Madjidzadeh and his team of experts uncovered more than two square kilometers of remains from a city dating back to at least the late 3rd millennium B.C. The data demonstrates that Jiroft’s heyday was from 2500 BC to 2200 BC. Astonishingly the chlorite vases found in Jiroft were not an unfamiliar object for the archeologists. Chlorite vessels similar to the stunning examples unearthed at Jiroft had been found from the Euphrates to the Indus, as far north as the Amu Darya and as far south as Tarut Island, on the Persian Gulf coast of Saudi Arabia.

Madjidzadeh, who is the author of a three-volume history of Mesopotamia and a leading Iranian authority on the third millennium BC, has long hypothesized that Jiroft is the legendary land of Aratta, a “lost” Bronze Age kingdom of renown. It’s a quest that he began as a doctoral candidate at the University of Chicago when in 1976 he published an article proposing that Aratta, which reputedly exported its magnificent crafts to Mesopotamia, was located somewhere in southeastern Iran.

According to Madjidzadeh, Jiroft artifacts are a “missing link” in understanding the Bronze Age because they help explain why so many incised chlorite vessels, all with remarkably similar imagery, have turned up at widely separated ancient sites, from Mari in Syria to Nippur and Ur in Mesopotamia, Soch in Uzbekistan and the Saudi Arabian island of Tarut, north of Bahrain.

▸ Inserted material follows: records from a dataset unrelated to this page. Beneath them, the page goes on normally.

Section LPRounding.
Variables (R : realType) (V E : finType) (k : nat) (edge : E -> {set V})
  (ell : E -> 'I_k) (xv : V -> 'I_k -> R) (xe : E -> R)
  (dflt : {perm 'I_k} -> V -> 'I_k).
Hypothesis xv_sum : forall v, \sum_(i < k) xv v i = k%:R - 1.
Hypothesis xv_bound : forall v i, 0 <= xv v i <= 1.
Hypothesis xe_ge : forall e v, v \in edge e -> xv v (ell e) <= xe e.

Lemma slack_sum v : \sum_i (1 - xv v i) = 1.
Proof. by rewrite sumrB xv_sum sumr_const card_ord opprB addrC subrK. Qed.

Lemma slack_ge0 v i : 0 <= 1 - xv v i.
Proof. by rewrite subr_ge0; case/andP: (xv_bound v i). Qed.

Lemma lp_pair_ge1 v i j : i != j -> 1 <= xv v i + xv v j.
Proof.
move=> ij; have := slack_sum v; rewrite (bigD1 i) //= (bigD1 j) 1?eq_sym //=.
have : 0 <= \sum_(l | (l != i) && (l != j)) (1 - xv v l).
  by apply: sumr_ge0 => l _; exact: slack_ge0.
lra.
Qed.

Lemma lp_triple_ge2 v i j l : i != j -> i != l -> j != l ->
  2 <= xv v i + xv v j + xv v l.
Proof.
move=> ij il jl; have := slack_sum v.
rewrite (bigD1 i) //= (bigD1 j) 1?eq_sym //= (bigD1 l) /=; last first.
  by rewrite [l == i]eq_sym [l == j]eq_sym il jl.
have : 0 <= \sum_(m | (m != i) && (m != j) && (m != l)) (1 - xv v m).
  by apply: sumr_ge0 => m _; exact: slack_ge0.
lra.
Qed.

Definition mistake_perms (e : E) (rho : R) : {set {perm 'I_k}} :=
  [set pi | mistake edge ell (gen_color_round xv (dflt pi) rho pi) e].

Lemma no_mistake_mid_threshold e rho pi : xe e < rho -> rho <= 1 - xe e ->
  ~~ mistake edge ell (gen_color_round xv (dflt pi) rho pi) e.
Proof.
move=> xe_rho rho_le; rewrite gen_color_roundE /mistake negb_exists_in.
apply/forall_inP => v ve; apply/negPn/eqP.
have c_wants : xv v (ell e) < rho by apply: le_lt_trans (xe_ge ve) xe_rho.
have last_c : pi \in perm_last [set ell e] (ell e).
  by rewrite inE; apply/forall_inP => t; rewrite inE => /eqP ->.
apply: (@round_by_last _ _ (fun v i => xv v i < rho) _ _ _ _ _ c_wants _ last_c).
move=> i i_wants; rewrite inE; apply: contraLR i_wants => /(lp_pair_ge1 v).
have := xe_ge ve; rewrite -leNgt; lra.
Qed.

Lemma card_mistake_perms_le e rho : xe e < rho -> rho < 2/3 ->
  ((rank edge).+1 * #|mistake_perms e rho| <= rank edge * k`!)%N.
Proof.
move=> xe_rho rho_lt; set c := ell e.
set others := fun v => [set i | (i != c) && (xv v i < rho)].
set S := c |: \bigcup_(v in edge e) others v.
have c_wants v : v \in edge e -> xv v c < rho.
  by move=> ve; apply: le_lt_trans (xe_ge ve) xe_rho.
have S_wants v i : v \in edge e -> xv v i < rho -> i \in S.
  move=> ve i_wants; rewrite !inE; case: eqP => //= /eqP ic.
  by apply/bigcupP; exists v; rewrite // inE ic.
have card_others v : v \in edge e -> (#|others v| <= 1)%N.
  move=> ve; apply/card_le1_eqP => i j; rewrite !inE => /andP[ic i_w] /andP[jc j_w].
  apply/eqP; apply: contraT => ji; have := lp_triple_ge2 v ji jc ic.
  have := c_wants v ve; lra.
have card_S : (#|S| <= (rank edge).+1)%N.
  rewrite cardsU1 -add1n leq_add ?leq_b1 //.
  apply: leq_trans (card_bigcup_le _ _) _; apply: leq_trans (leq_bigmax e).
  by rewrite -sum1_card leq_sum.
have cS : c \in S by rewrite setU11.
have mistakes_le : (#|mistake_perms e rho| + #|perm_last S c| <= k`!)%N :=
  card_mistakes_add_perm_last dflt c_wants S_wants.
have fact_le := fact_le_card_mul_perm_last cS.
(* With p := #|perm_last S c|: (r+1) #|M| <= (r+1) (k! - p) and k! <= (r+1) p. *)
have := leq_mul (leqnn (rank edge).+1) mistakes_le.
have := leq_mul card_S (leqnn #|perm_last S c|).
rewrite mulnDr !mulSn; move: fact_le.
move: #|mistake_perms e rho| #|perm_last S c| #|S| k`! (rank edge); lia.
Qed.

Lemma natr_card_mistake_perms_le e rho : xe e < rho -> rho < 2/3 ->
  #|mistake_perms e rho|%:R <= k`!%:R * (1 - ((rank edge).+1%:R)^-1) :> R.
Proof.
move=> xe_rho rho_lt; rewrite one_sub_inv_succ mulrA ler_pdivlMr ?ltr0n //.
by rewrite mulrC -!natrM ler_nat [(k`! * _)%N]mulnC card_mistake_perms_le.
Qed.

End LPRounding.

Section RealSets.
Local Open Scope classical_set_scope.
Variable R : realType.

Lemma measurable_gt (c : R) : measurable [set rho : R | c < rho].
Proof.
rewrite (_ : [set rho | _] = `]c, +oo[%classic); first exact: measurable_itv.
by apply/seteqP; split => x /=; rewrite in_itv /= andbT.
Qed.

Lemma measurable_lt_eq (c : R) (b : bool) :
  measurable [set rho : R | (c < rho) = b].
Proof.
case: b; first exact: measurable_gt.
rewrite (_ : [set rho | _] = ~` [set rho | c < rho]).
  exact: measurableC (measurable_gt c).
by apply/seteqP; split => x /= h; [rewrite h | apply/negbTE/negP].
Qed.

Lemma measurable_threshold_pattern (T : finType) (c : T -> R)
    (F : {ffun T -> bool} -> bool) :
  measurable [set rho : R | F [ffun p => c p < rho]].
Proof.
rewrite (_ : [set rho | _] = \big[setU/set0]_(b <- enum {ffun T -> bool} | F b)
   \big[setI/setT]_(p <- enum T) [set rho : R | (c p < rho) = b p]).
  apply: bigsetU_measurable => b _; apply: bigsetI_measurable => p _.
  exact: measurable_lt_eq.
rewrite -bigcup_seq_cond; apply/seteqP; split => rho /=.
  move=> Fr; exists [ffun p => c p < rho]; first by rewrite /= mem_enum.
  by rewrite -bigcap_seq => p _ /=; rewrite ffunE.
case=> b /= /andP[_ Fb]; rewrite -bigcap_seq => Hb.
suff -> : [ffun p => c p < rho] = b by [].
by apply/ffunP => p; rewrite ffunE; apply: (Hb p); rewrite /= mem_enum.
Qed.

Lemma measurable_open_itv (a b : R) :
  measurable [set rho : R | a < rho < b].
Proof.
rewrite (_ : [set rho | _] = `]a, b[%classic); first exact: measurable_itv.
by apply/seteqP; split => x /=; rewrite in_itv.
Qed.

Lemma lebesgue_measure_le_len (S : set R) (a b : R) : measurable S -> a <= b ->
  S `<=` [set rho | a < rho <= b] -> (lebesgue_measure S <= (b - a)%:E)%E.
Proof.
move=> mS ab Sab; apply: (@le_trans _ _ (lebesgue_measure `]a, b]%classic)).
  apply: le_measure; rewrite ?inE //.
by rewrite lebesgue_measure_itv /=; case: ifP; rewrite ?lee_fin ?subr_ge0 // -EFinD.
Qed.

End RealSets.

Section MistakeMeasure.
Local Open Scope classical_set_scope.
Variables (R : realType) (V E : finType) (k : nat) (edge : E -> {set V})
  (ell : E -> 'I_k) (xv : V -> 'I_k -> R) (dflt : {perm 'I_k} -> V -> 'I_k).
Local Notation lam := (@lebesgue_measure R).

Definition mistake_set (pi : {perm 'I_k}) (e : E) : set R :=
  [set rho | mistake edge ell (gen_color_round xv (dflt pi) rho pi) e].

Lemma measurable_mistake_set pi e : measurable (mistake_set pi e).
Proof.
pose F (b : {ffun V * 'I_k -> bool}) :=
  mistake edge ell (round_by (fun v i => b (v, i)) (dflt pi) pi) e.
rewrite (_ : mistake_set pi e = [set rho | F [ffun p => xv p.1 p.2 < rho]]).
  exact: measurable_threshold_pattern.
apply/funext => rho; rewrite /mistake_set /F /= gen_color_roundE.
suff -> : (fun v i => [ffun p => xv p.1 p.2 < rho] (v, i)) =
          (fun v i => xv v i < rho) by [].
by apply/funext => v; apply/funext => i; rewrite ffunE.
Qed.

“There must certainly have been a school of stone carvers because you see such an aesthetic unity of these objects throughout the kingdom. This high-level artistic quality did not suddenly appear from nowhere,” he maintains. “The traditions must have taken 300 to 400 years to develop.”

Jiroft artisans fashioned pieces with what seems strange and enigmatic iconography. Some were encrusted with lapis lazuli from Afghanistan, carnelian from the Indus Valley, turquoise, agate, and other semiprecious, imported stones. “The artists had such a naturalistic way of rendering images,” Madjidzadeh explains, adding: “It is a style that was not seen anywhere else in that era.”

Jiroft is surrounded by mountains on three sides, rising some 4,000 meters high. Many Iranian and foreign experts see the findings in Jiroft as signs of a civilization as great as Sumer and ancient Mesopotamia.